Lemma has_sum_of_bound f B :
  (forall L, NoDup L -> fin_sum f L <= B) -> exists s, has_sum f s.
Proof.
  intros HB.
  destruct (completeness (fun r => exists L : list T, NoDup L /\ r = fin_sum f L)) as [s Hs].
  - exists B. intros r [L [HL ->]]. auto.
  - exists 0, []. split; [constructor | reflexivity].
  - exists s; exact Hs.
Qed.

Lemma has_sum_fin_supp f l :
  NoDup l -> (forall x, 0 <= f x) -> (forall x, f x <> 0 -> In x l) ->
  has_sum f (fin_sum f l).
Proof.
  intros Hl Hf Hs. split.
  - intros r [L [HL ->]]. apply fin_sum_le_of_support; auto.
  - intros b Hb. apply Hb. eauto.
Qed.

Lemma has_sum_ext f g s : (forall x, f x = g x) -> has_sum f s -> has_sum g s.
Proof. intros H. replace g with f; auto. apply functional_extensionality; auto. Qed.

Lemma has_sum_le f g s t : (forall x, f x <= g x) -> has_sum f s -> has_sum g t -> s <= t.
Proof.
  intros H Hs Ht. apply (has_sum_le_bound f); auto. intros L HL.
  apply Rle_trans with (fin_sum g L); [apply fin_sum_le; auto | eapply has_sum_ub; eauto].
Qed.

Lemma has_sum_dominated f g t :
  (forall x, f x <= g x) -> has_sum g t -> exists s, has_sum f s.
Proof.
  intros H Ht. apply (has_sum_of_bound f t). intros L HL.
  apply Rle_trans with (fin_sum g L); [apply fin_sum_le; auto | eapply has_sum_ub; eauto].
Qed.

Lemma has_sum_add f g a b : (forall x, 0 <= f x) -> (forall x, 0 <= g x) ->
  has_sum f a -> has_sum g b -> has_sum (fun x => f x + g x) (a + b).
Proof.
  intros Hf Hg Ha Hb. split.
  - intros r [L [HL ->]]. rewrite fin_sum_add.
    pose proof (has_sum_ub f a L Ha HL); pose proof (has_sum_ub g b L Hb HL). lra.
  - intros M HM. apply Rnot_lt_le; intro Hlt.
    set (eps := (a + b - M) / 3).
    assert (Heps : 0 < eps) by (unfold eps; lra).
    destruct (has_sum_approx f a eps Ha Heps) as [L1 [HL1 H1]].
    destruct (has_sum_approx g b eps Hb Heps) as [L2 [HL2 H2]].
    set (L := nodup (fun x y => excluded_middle_informative (x = y)) (L1 ++ L2)).
    assert (HL : NoDup L) by apply NoDup_nodup.
    assert (fin_sum f L1 <= fin_sum f L).
    { apply fin_sum_le_of_support; auto. intros x Hx _. apply nodup_In, in_or_app; auto. }
    assert (fin_sum g L2 <= fin_sum g L).
    { apply fin_sum_le_of_support; auto. intros x Hx _. apply nodup_In, in_or_app; auto. }
    assert (HM' : fin_sum (fun x => f x + g x) L <= M) by (apply HM; eauto).
    rewrite fin_sum_add in HM'. unfold eps in *. lra.
Qed.

Lemma has_sum_scal f k s : 0 < k -> has_sum f s -> has_sum (fun x => k * f x) (k * s).
Proof.
  intros Hk Hs. split.
  - intros r [L [HL ->]]. rewrite fin_sum_scal.
    apply Rmult_le_compat_l; [lra | eapply has_sum_ub; eauto].
  - intros M HM. assert (s <= M / k).
    { apply (has_sum_le_bound f); auto. intros L HL.
      assert (k * fin_sum f L <= M) by (rewrite <- fin_sum_scal; apply HM; eauto).
      apply (Rmult_le_reg_l k); [lra|]. field_simplify; lra. }
    apply (Rmult_le_compat_l k) in H; [|lra]. field_simplify in H; lra.
Qed.

Lemma has_sum_lincomb f g a b k1 k2 : 0 < k1 -> 0 < k2 ->
  (forall x, 0 <= f x) -> (forall x, 0 <= g x) -> has_sum f a -> has_sum g b ->
  has_sum (fun x => k1 * f x + k2 * g x) (k1 * a + k2 * b).
Proof.
  intros H1 H2 Hf Hg Ha Hb.
  apply has_sum_add; try (apply has_sum_scal; auto); intros x;
    [specialize (Hf x) | specialize (Hg x)]; nra.
Qed.

End HasSum.

Definition pair_swap {A B : Type} (p : A * B) : B * A := (snd p, fst p).

Lemma pair_swap_injective {A B : Type} : Injective (@pair_swap A B).
Proof. intros [x y] [x' y'] H. inversion H; auto. Qed.

Lemma has_sum_swap {A B : Type} (f : A * B -> R) s :
  has_sum f s -> has_sum (fun p => f (snd p, fst p)) s.
Proof.
  assert (Hmap : forall L, fin_sum (fun p => f (snd p, fst p)) L = fin_sum f (map pair_swap L)).
  { induction L; simpl; auto. rewrite IHL. reflexivity. }
  intros Hs. split.
  - intros r [L [HL ->]]. rewrite Hmap.
    apply has_sum_ub; auto. apply Injective_map_NoDup; auto using pair_swap_injective.
  - intros M HM. apply (has_sum_le_bound f); auto. intros L HL.
    replace L with (map pair_swap (map pair_swap L))
      by (rewrite map_map, <- map_id; apply map_ext; intros [x y]; reflexivity).
    rewrite <- Hmap. apply HM. exists (map pair_swap L). split; auto.
    apply Injective_map_NoDup; auto using pair_swap_injective.
Qed.
Definition decide (P : Prop) : bool := if excluded_middle_informative P then true else false.

Lemma decide_true (P : Prop) : decide P = true <-> P.
Proof. unfold decide; destruct (excluded_middle_informative P); split; auto; discriminate. Qed.

Lemma fin_sum_fiber {V : Type} (b : V -> V -> R) (h : V -> R) a (L : list (V * V)) :
  NoDup L -> (forall p, In p L -> fst p = a) ->
  NoDup (map snd L) /\
  fin_sum (fun p => b (fst p) (snd p) * h (fst p)) L = h a * fin_sum (b a) (map snd L).
Proof.
  induction 1 as [|p L Hp HL IH]; intros Hf; simpl; [split; [constructor | ring]|].
  destruct IH as [IH1 IH2]; [intros; apply Hf; simpl; auto|].
  assert (Hpa : fst p = a) by (apply Hf; simpl; auto).
  split.
  - constructor; auto. intros [q [Hq Hq']]%in_map_iff. apply Hp.
    assert (fst q = a) by (apply Hf; simpl; auto).
    replace p with q; auto. destruct p, q; simpl in *; subst; reflexivity.
  - rewrite IH2, Hpa. ring.
Qed.

Lemma fin_sum_pairs_le_degree {V : Type} (b : V -> V -> R) (deg h : V -> R) :
  (forall x y, 0 <= b x y) -> (forall x, has_sum (b x) (deg x)) -> (forall x, 0 <= h x) ->
  forall l L, NoDup L -> (forall p, In p L -> h (fst p) <> 0 -> In (fst p) l) ->
  fin_sum (fun p => b (fst p) (snd p) * h (fst p)) L <= fin_sum (fun x => deg x * h x) l.
Proof.
  intros Hb Hd Hh l; induction l as [|a l IH]; intros L HL Hs.
  - apply (fin_sum_le_of_support _ L []); auto.
    + intros; apply Rmult_le_pos; auto.
    + intros p Hp Hne. apply (Hs p Hp). intro E. apply Hne. rewrite E; ring.
  - set (at_a := fun p : V * V => decide (fst p = a)).
    rewrite (fin_sum_filter _ at_a L). simpl.
    destruct (fin_sum_fiber b h a (filter at_a L)) as [Hnd ->].
    + apply NoDup_filter; auto.
    + intros p Hp. apply filter_In in Hp. apply decide_true. apply Hp.
    + assert (fin_sum (b a) (map snd (filter at_a L)) <= deg a) by (apply has_sum_ub; auto).
      assert (h a * fin_sum (b a) (map snd (filter at_a L)) <= deg a * h a).
      { rewrite (Rmult_comm (deg a)). apply Rmult_le_compat_l; auto. }
      assert (fin_sum (fun p => b (fst p) (snd p) * h (fst p))
                (filter (fun p => negb (at_a p)) L) <= fin_sum (fun x => deg x * h x) l); [|lra].
      apply IH; [apply NoDup_filter; auto|].
      intros p [Hp Hp']%filter_In Hne.
      destruct (Hs p Hp Hne) as [E|E]; auto.
      unfold at_a in Hp'. rewrite (proj2 (decide_true _) (eq_sym E)) in Hp'. discriminate.
Qed.

Lemma indic_true (P : Prop) : P -> indic P = 1.
Proof.
  intros HP. unfold indic; destruct (excluded_middle_informative P); [reflexivity | contradiction].
Qed.

Lemma indic_false (P : Prop) : ~ P -> indic P = 0.
Proof.
  intros HP. unfold indic; destruct (excluded_middle_informative P); [contradiction | reflexivity].
Qed.

Lemma indic_nonneg (P : Prop) : 0 <= indic P.
Proof. unfold indic; destruct (excluded_middle_informative P); lra. Qed.

Lemma fin_sum_indic {T : Type} (h : T -> R) (P : T -> Prop) l :
  fin_sum (fun x => h x * indic (P x)) l = fin_sum h (filter (fun x => decide (P x)) l).
Proof.
  induction l as [|a l IH]; simpl; [reflexivity|]. unfold decide at 1.
  destruct (excluded_middle_informative (P a)) as [HP|HP].
  - rewrite indic_true by auto. simpl. rewrite IH. ring.
  - rewrite indic_false by auto. rewrite IH. ring.
Qed.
════════
Please return every line of the records that contains the word "Prop".

Definition decide (P : Prop) : bool := if excluded_middle_informative P then true else false.
Lemma decide_true (P : Prop) : decide P = true <-> P.
Lemma indic_true (P : Prop) : P -> indic P = 1.
Lemma indic_false (P : Prop) : ~ P -> indic P = 0.
Lemma indic_nonneg (P : Prop) : 0 <= indic P.
Lemma fin_sum_indic {T : Type} (h : T -> R) (P : T -> Prop) l :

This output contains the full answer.